Those are ok to not have around, they are internal to prometheus-statsd-exporter (we don't really rely on them anyway in any way that I know of)

> # go_gc_duration_seconds A summary of the GC invocation durations.
> # go_goroutines Number of goroutines that currently exist.
> # go_info Information about the Go environment.
> # go_memstats_alloc_bytes Number of bytes allocated and still in use.
> # go_memstats_alloc_bytes_total Total number of bytes allocated, even if freed.
> # go_memstats_buck_hash_sys_bytes Number of bytes used by the profiling bucket hash table.
> # go_memstats_frees_total Total number of frees.
> # go_memstats_gc_cpu_fraction The fraction of this program's available CPU time used by the GC since the program started.
> # go_memstats_gc_sys_bytes Number of bytes used for garbage collection system metadata.
> # go_memstats_heap_alloc_bytes Number of heap bytes allocated and still in use.
> # go_memstats_heap_idle_bytes Number of heap bytes waiting to be used.
> # go_memstats_heap_inuse_bytes Number of heap bytes that are in use.
> # go_memstats_heap_objects Number of allocated objects.
> # go_memstats_heap_released_bytes Number of heap bytes released to OS.
> # go_memstats_heap_sys_bytes Number of heap bytes obtained from system.
> # go_memstats_last_gc_time_seconds Number of seconds since 1970 of last garbage collection.
> # go_memstats_lookups_total Total number of pointer lookups.
> # go_memstats_mallocs_total Total number of mallocs.
> # go_memstats_mcache_inuse_bytes Number of bytes in use by mcache structures.
> # go_memstats_mcache_sys_bytes Number of bytes used for mcache structures obtained from system.
> # go_memstats_mspan_inuse_bytes Number of bytes in use by mspan structures.
> # go_memstats_mspan_sys_bytes Number of bytes used for mspan structures obtained from system.
> # go_memstats_next_gc_bytes Number of heap bytes when next garbage collection will take place.
> # go_memstats_other_sys_bytes Number of bytes used for other system allocations.
> # go_memstats_stack_inuse_bytes Number of bytes in use by the stack allocator.
> # go_memstats_stack_sys_bytes Number of bytes obtained from system for stack allocator.
> # go_memstats_sys_bytes Number of bytes obtained from system.
> # go_threads Number of OS threads created.
> # http_request_duration_microseconds The HTTP request latencies in microseconds.
> # http_request_size_bytes The HTTP request sizes in bytes.
> # http_requests_total Total number of HTTP requests made.
> # http_response_size_bytes The HTTP response sizes in bytes.
> # process_cpu_seconds_total Total user and system CPU time spent in seconds.
> # process_max_fds Maximum number of open file descriptors.
> # process_open_fds Number of open file descriptors.
> # process_resident_memory_bytes Resident memory size in bytes.
> # process_start_time_seconds Start time of the process since unix epoch in seconds.
> # process_virtual_memory_bytes Virtual memory size in bytes.
> # process_virtual_memory_max_bytes Maximum amount of virtual memory available in bytes.

These are service runner specific and we have some of them but other are missing.
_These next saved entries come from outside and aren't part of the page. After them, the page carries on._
(* g_0,...,g_{k-1}, points of A, form an eps-net for A in the supremum metric
   (sup_x |f x - g x| <= eps is written pointwise) *)
Definition has_net (A : set (X -> R)) (eps : R) (k : nat) : Prop :=
  exists g : 'I_k -> X -> R, (forall i, A (g i)) /\
    forall f, A f -> exists i, forall x, `|f x - g i x| <= eps.

Definition covering_number (A : set (X -> R)) (eps : R) (k : nat) : Prop :=
  has_net A eps k /\ forall j, has_net A eps j -> leq k j.

Definition metric_entropy_is (A : set (X -> R)) (eps h : R) : Prop :=
  exists k, covering_number A eps k /\ h = log2 k%:R.

Definition strategy := seq (X * R) -> X -> R.

(* Predictor's move at (0-based) round n, given Reality's moves xs, ys *)
Definition pred_move (S : strategy) (xs : nat -> X) (ys : nat -> R) (n : nat) : R :=
  S [seq (xs i, ys i) | i <- iota 0 n] (xs n).

End FunSpace.

(* The strategy is Vovk's aggregating algorithm for the square loss, run over
   a countable pool of experts: at scale j, the clipped rescalings
   clip (2^(j+1) g) of the k_j functions g of a 4^-(j+1)-net of the unit ball,
   each with prior weight 2^-(j+1) / k_j.  Since a |-> exp (-(y - a)^2 / 16) is
   concave on [-1, 1], at each round the potential sum prior * exp (- loss / 16)
   is multiplied by at most exp (- loss of the aggregate / 16), so the
   aggregate loses at most 16 ln (1 / prior) + 4 j more than an expert of
   scale j (4 j for the rounds before it joins).  Given F, pick j with
   ||F|| <= 2^(j+1) and N <= 2^(j+1): F / 2^(j+1) lies in the unit ball, so one
   expert of scale j loses at most 4 more than F over N rounds, while the
   entropy bound gives ln k_j <= 2 (j+1) L ln 2, and
   j + 1 <= 2 + log N + log^+ ||F||. *)

From HB Require Import structures.
From mathcomp Require Import all_boot all_order all_algebra.
From mathcomp Require Import all_classical all_reals all_analysis.
From mathcomp Require Import Rstruct Rstruct_topology.
From Stdlib Require Import Rdefinitions.
From mathcomp Require Import ring lra.

Set Implicit Arguments.
Unset Strict Implicit.
Unset Printing Implicit Defensive.

Import Order.TTheory GRing.Theory Num.Theory.
Local Open Scope ring_scope.

Lemma expR_le_inv (w q : R) : 0 < q -> q <= expR (- w) -> expR w <= q^-1.
Proof. by move=> q0 hq; rewrite -[expR w]invrK -expRN lef_pV2 ?posrE ?expR_gt0. Qed.

Lemma expR_subr_sqr_le1D (z : R) : -1/8 <= z -> expR (z - z ^+ 2) <= 1 + z.
Proof.
move=> z_ge; have [z0|z0] := leP 0 z.
  have q0 : 0 < 1 - (z - z ^+ 2) by nra.
  apply: le_trans (expR_le_inv q0 _) _; first by have := expR_ge1Dx (- (z - z ^+ 2)); lra.
  by rewrite -[X in X <= _]mul1r ler_pdivrMr //; nra.
set t := z ^+ 2 - z.
have t0 : 0 <= t by rewrite /t; nra.
have q0 : 0 < (1 + t / 2) ^+ 2 by nra.
apply: le_trans (expR_le_inv q0 _) _.
  have -> : - (z - z ^+ 2) = t / 2 + t / 2 by rewrite /t; field.
  by rewrite exp.expRD -expr2 lerXn2r ?nnegrE ?expR_ge1Dx //; lra.
by rewrite -[X in X <= _]mul1r ler_pdivrMr // /t; nra.
Qed.

Lemma sqr_diff_le4 (u v : R) : -1 <= u <= 1 -> -1 <= v <= 1 -> (u - v) ^+ 2 <= 4.
Proof. by move=> /andP[? ?] /andP[? ?]; nra. Qed.

(* Concavity of a |-> expR (- (y - a)^2 / 16) on [-1, 1]: the right-hand side
   is its tangent line at mu. *)
Lemma expR_sqr_loss_tangent (y a mu : R) :
  -1 <= y <= 1 -> -1 <= a <= 1 -> -1 <= mu <= 1 ->
  expR (- (1/16) * (y - a) ^+ 2) <=
  expR (- (1/16) * (y - mu) ^+ 2) * (1 + (1/8) * (y - mu) * (a - mu)).
Proof.
move=> y1 a1 mu1; set z := (1/8) * (y - mu) * (a - mu).
have -> : - (1/16) * (y - a) ^+ 2 = - (1/16) * (y - mu) ^+ 2 + (z - (a - mu) ^+ 2 / 16).
  by rewrite /z; field.
rewrite exp.expRD ler_pM2l ?expR_gt0 //.
have ya := sqr_diff_le4 y1 a1; have ymu := sqr_diff_le4 y1 mu1.
have z_ge : -1/8 <= z.
  have -> : z = ((mu - (y + a) / 2) ^+ 2 - (y - a) ^+ 2 / 4) / 8 by rewrite /z; field.
  by have := sqr_ge0 (mu - (y + a) / 2); lra.
apply: le_trans (expR_subr_sqr_le1D z_ge); rewrite ler_expR.
have : z ^+ 2 <= (a - mu) ^+ 2 / 16.
  have -> : z ^+ 2 = (y - mu) ^+ 2 * (a - mu) ^+ 2 / 64 by rewrite /z; field.
  by have := sqr_ge0 (a - mu); nra.
lra.
Qed.

Section WeightedAverage.
Variables (I : Type) (r : seq I) (p a : I -> R).
Hypotheses (p_ge0 : forall e, 0 <= p e) (a_bound : forall e, -1 <= a e <= 1).
Let P := \sum_(e <- r) p e.
Let mu := (\sum_(e <- r) p e * a e) / P.

Lemma weighted_average_bound : 0 < P -> -1 <= mu <= 1.
Proof.
move=> P_gt0.
have le_P : \sum_(e <- r) p e * a e <= P.
  by apply: ler_sum => e _; have := p_ge0 e; have /andP[? ?] := a_bound e; nra.
have ge_P : - P <= \sum_(e <- r) p e * a e.
  by rewrite -sumrN; apply: ler_sum => e _; have := p_ge0 e; have /andP[? ?] := a_bound e; nra.
by rewrite /mu ler_pdivrMr // ler_pdivlMr //; apply/andP; split; lra.
Qed.

(* Jensen's inequality for the concave function of [expR_sqr_loss_tangent]. *)
Lemma expR_sqr_loss_mixture (y : R) : -1 <= y <= 1 -> 0 < P ->
  \sum_(e <- r) p e * expR (- (1/16) * (y - a e) ^+ 2) <=
  P * expR (- (1/16) * (y - mu) ^+ 2).
Proof.
move=> y1 P_gt0; have mu1 := weighted_average_bound P_gt0.
set E := expR (- (1/16) * (y - mu) ^+ 2); set c := (1/8) * (y - mu).
apply: (le_trans (y := \sum_(e <- r) (E * (1 - c * mu) * p e + E * c * (p e * a e)))).
  apply: ler_sum => e _.
  have -> : E * (1 - c * mu) * p e + E * c * (p e * a e) =
            p e * (E * (1 + (1/8) * (y - mu) * (a e - mu))) by rewrite /c; ring.
  exact/ler_wpM2l/expR_sqr_loss_tangent.
rewrite big_split /= -!mulr_sumr -/P.
have -> : \sum_(e <- r) p e * a e = mu * P by rewrite /mu mulfVK ?gt_eqF.
suff -> : E * (1 - c * mu) * P + E * c * (mu * P) = P * E by [].
by ring.
Qed.

End WeightedAverage.

Lemma ler_sum_mem (I : eqType) (r : seq I) (F : I -> R) (x : I) :
  (forall e, 0 <= F e) -> x \in r -> F x <= \sum_(e <- r) F e.
Proof.
move=> F_ge0; elim: r => // e r IH; rewrite in_cons big_cons => /orP[/eqP->|/IH].
  by rewrite lerDl sumr_ge0.
by move=> le_r; rewrite -[F x]add0r lerD.
Qed.

Definition clip (t : R) := Num.max (-1) (Num.min 1 t).

Lemma clip_cases (t : R) :
  [\/ t <= -1 /\ clip t = -1, 1 <= t /\ clip t = 1 | -1 <= t <= 1 /\ clip t = t].
Proof.
rewrite /clip minEle maxEle; have [t1|t1] := leP 1 t.
  by apply: Or32; split=> //; case: lerP; lra.
have [t_1|t_1] := leP t (-1).
  by apply: Or31; split=> //; case: lerP; lra.
by apply: Or33; split; [apply/andP; split | case: lerP]; lra.
Qed.

Lemma clip_bound (t : R) : -1 <= clip t <= 1.
Proof. by case: (clip_cases t) => [[_ ->]|[_ ->]|[t1 ->]] //; lra. Qed.

Lemma clip_sqr_loss (y a b : R) : -1 <= y <= 1 ->
  (y - clip a) ^+ 2 <= (y - b) ^+ 2 + 4 * `|a - b|.
Proof.
move=> /andP[y_ge y_le]; have ab := ler_norm (a - b).
have ba := ler_norm (b - a); rewrite distrC in ba.
by case: (clip_cases a) => [[? ->]|[? ->]|[/andP[? ?] ->]];
  case: (clip_cases b) => [[? _]|[? _]|[/andP[? ?] _]]; nra.
Qed.

Section Aggregation.
Variable X : Type.
Variables (k : nat -> nat) (expert : nat -> nat -> X -> R).
Hypotheses (k_gt0 : forall j, (0 < k j)%nat)
           (expert_bound : forall j i x, -1 <= expert j i x <= 1).
Variables (xs : nat -> X) (ys : nat -> R).

Definition experts (m : nat) : seq (nat * nat) :=
  [seq (j, i) | j <- iota 0 m, i <- iota 0 (k j)].
Arguments experts m : simpl never.

Definition prior (e : nat * nat) := (2 ^+ e.1.+1 * ((k e.1)%:R : R))^-1.

(* An expert of scale j enters the game at round j; before that it is charged
   the maximal loss 4, so that the aggregate at round n involves only the
   finitely many experts of scale at most n. *)
Definition round_loss (t : nat) (e : nat * nat) :=
  if (t < e.1)%nat then 4 else (ys t - expert e.1 e.2 (xs t)) ^+ 2.

Definition weight (n : nat) (e : nat * nat) :=
  prior e * expR (- (1/16) * \sum_(t < n) round_loss t e).

Definition aggregate (n : nat) (x : X) :=
  (\sum_(e <- experts n.+1) weight n e * expert e.1 e.2 x) /
  \sum_(e <- experts n.+1) weight n e.

Definition potential (m n : nat) := \sum_(e <- experts m) weight n e.

Lemma mem_experts m j i : (j < m)%nat -> (i < k j)%nat -> (j, i) \in experts m.
Proof. by move=> jm ik; apply: allpairs_f_dep; rewrite mem_iota. Qed.

Lemma experts_addn m1 m2 : experts (m1 + m2) =
  experts m1 ++ [seq (j, i) | j <- iota m1 m2, i <- iota 0 (k j)].
Proof. by rewrite /experts iotaD allpairs_cat. Qed.

Lemma weight_gt0 n e : 0 < weight n e.
Proof.
by rewrite mulr_gt0 ?expR_gt0 // invr_gt0 mulr_gt0 ?exprn_gt0 ?ltr0n.
Qed.

Lemma potential_gt0 n : 0 < potential n.+1 n.
Proof.
apply: lt_le_trans (weight_gt0 n (0, 0)%nat) _.
by apply: ler_sum_mem; [move=> e; exact: ltW (weight_gt0 n e) | exact: mem_experts].
Qed.

Lemma aggregate_bound n x : -1 <= aggregate n x <= 1.
Proof.
by apply: weighted_average_bound (potential_gt0 n) => e; [exact: ltW (weight_gt0 n e)|].
Qed.

Lemma weightS n e :
  weight n.+1 e = weight n e * expR (- (1/16) * round_loss n e).
Proof. by rewrite /weight big_ord_recr /= mulrDr exp.expRD mulrA. Qed.

Lemma potentialS m n : (forall t, -1 <= ys t <= 1) -> (n < m)%nat ->
  potential m n.+1 <= potential m n * expR (- (1/16) * (ys n - aggregate n (xs n)) ^+ 2).
Proof.
move=> ys_bound nm; set E := expR _.
have active :
    \sum_(e <- experts n.+1) weight n.+1 e <= (\sum_(e <- experts n.+1) weight n e) * E.
  have -> : \sum_(e <- experts n.+1) weight n.+1 e =
            \sum_(e <- experts n.+1)
              weight n e * expR (- (1/16) * (ys n - expert e.1 e.2 (xs n)) ^+ 2).
    apply: eq_big_seq => e /allpairsPdep[j [i [/[!mem_iota] /= jn _ ->]]].
    by rewrite weightS /round_loss /= ltnNge -ltnS jn.
  apply: expR_sqr_loss_mixture => [e|e||].
  - exact: ltW (weight_gt0 n e).
  - exact: expert_bound.
  - exact: ys_bound.
  - exact: potential_gt0.
pose later := [seq (j, i) | j <- iota n.+1 (m - n.+1), i <- iota 0 (k j)].
have inactive : \sum_(e <- later) weight n.+1 e <= (\sum_(e <- later) weight n e) * E.
  rewrite big_distrl /= !big_seq.
  apply: ler_sum => e /allpairsPdep[j [i [/[!mem_iota] /andP[nj _] _ ->]]].
  rewrite weightS /round_loss /= nj ler_wpM2l ?(ltW (weight_gt0 _ _)) // ler_expR.
  by have := sqr_diff_le4 (ys_bound n) (aggregate_bound n (xs n)); lra.
rewrite /potential -(subnKC nm) experts_addn !(@big_cat _ _ _ _ (experts n.+1)).
by rewrite mulrDl; exact: lerD.
Qed.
Most important is service_runner_request_duration_seconds. This probably needs some cooperation between cxserver and service-runner to happen work fine (cxserver using the correct library call of service-runner).

  1. service_runner_gc_microseconds Metric autogenerated by statsd_exporter.
  2. service_runner_request_duration_seconds Metric autogenerated by statsd_exporter.
  3. service_runner_rss_heap_kilobytes Metric autogenerated by statsd_exporter.
  4. service_runner_total_heap_kilobytes Metric autogenerated by statsd_exporter.
  5. service_runner_used_heap_kilobytes Metric autogenerated by statsd_exporter.

These are also internal to statsd_exporter, it's ok to not have them after the upgrade.

> # statsd_exporter_build_info A metric with a constant '1' value labeled by version, revision, branch, and goversion from which statsd_exporter was built.
> # statsd_exporter_events_total The total number of StatsD events seen.
> # statsd_exporter_events_unmapped_total The total number of StatsD events no mapping was found for.
> # statsd_exporter_lines_total The total number of StatsD lines received.
> # statsd_exporter_loaded_mappings The current number of configured metric mappings.
> # statsd_exporter_samples_total The total number of StatsD samples received.
> # statsd_exporter_tag_errors_total The number of errors parsign DogStatsD tags.
> # statsd_exporter_tags_total The total number of DogStatsD tags processed.
> # statsd_exporter_tcp_connection_errors_total The number of errors encountered reading from TCP.
> # statsd_exporter_tcp_connections_total The total number of TCP connections handled.
> # statsd_exporter_tcp_too_long_lines_total The number of lines discarded due to being too long.
> # statsd_exporter_udp_packets_total The total number of StatsD packets received over UDP.

So, getting service_runner_request_duration_seconds to work will probably fix this.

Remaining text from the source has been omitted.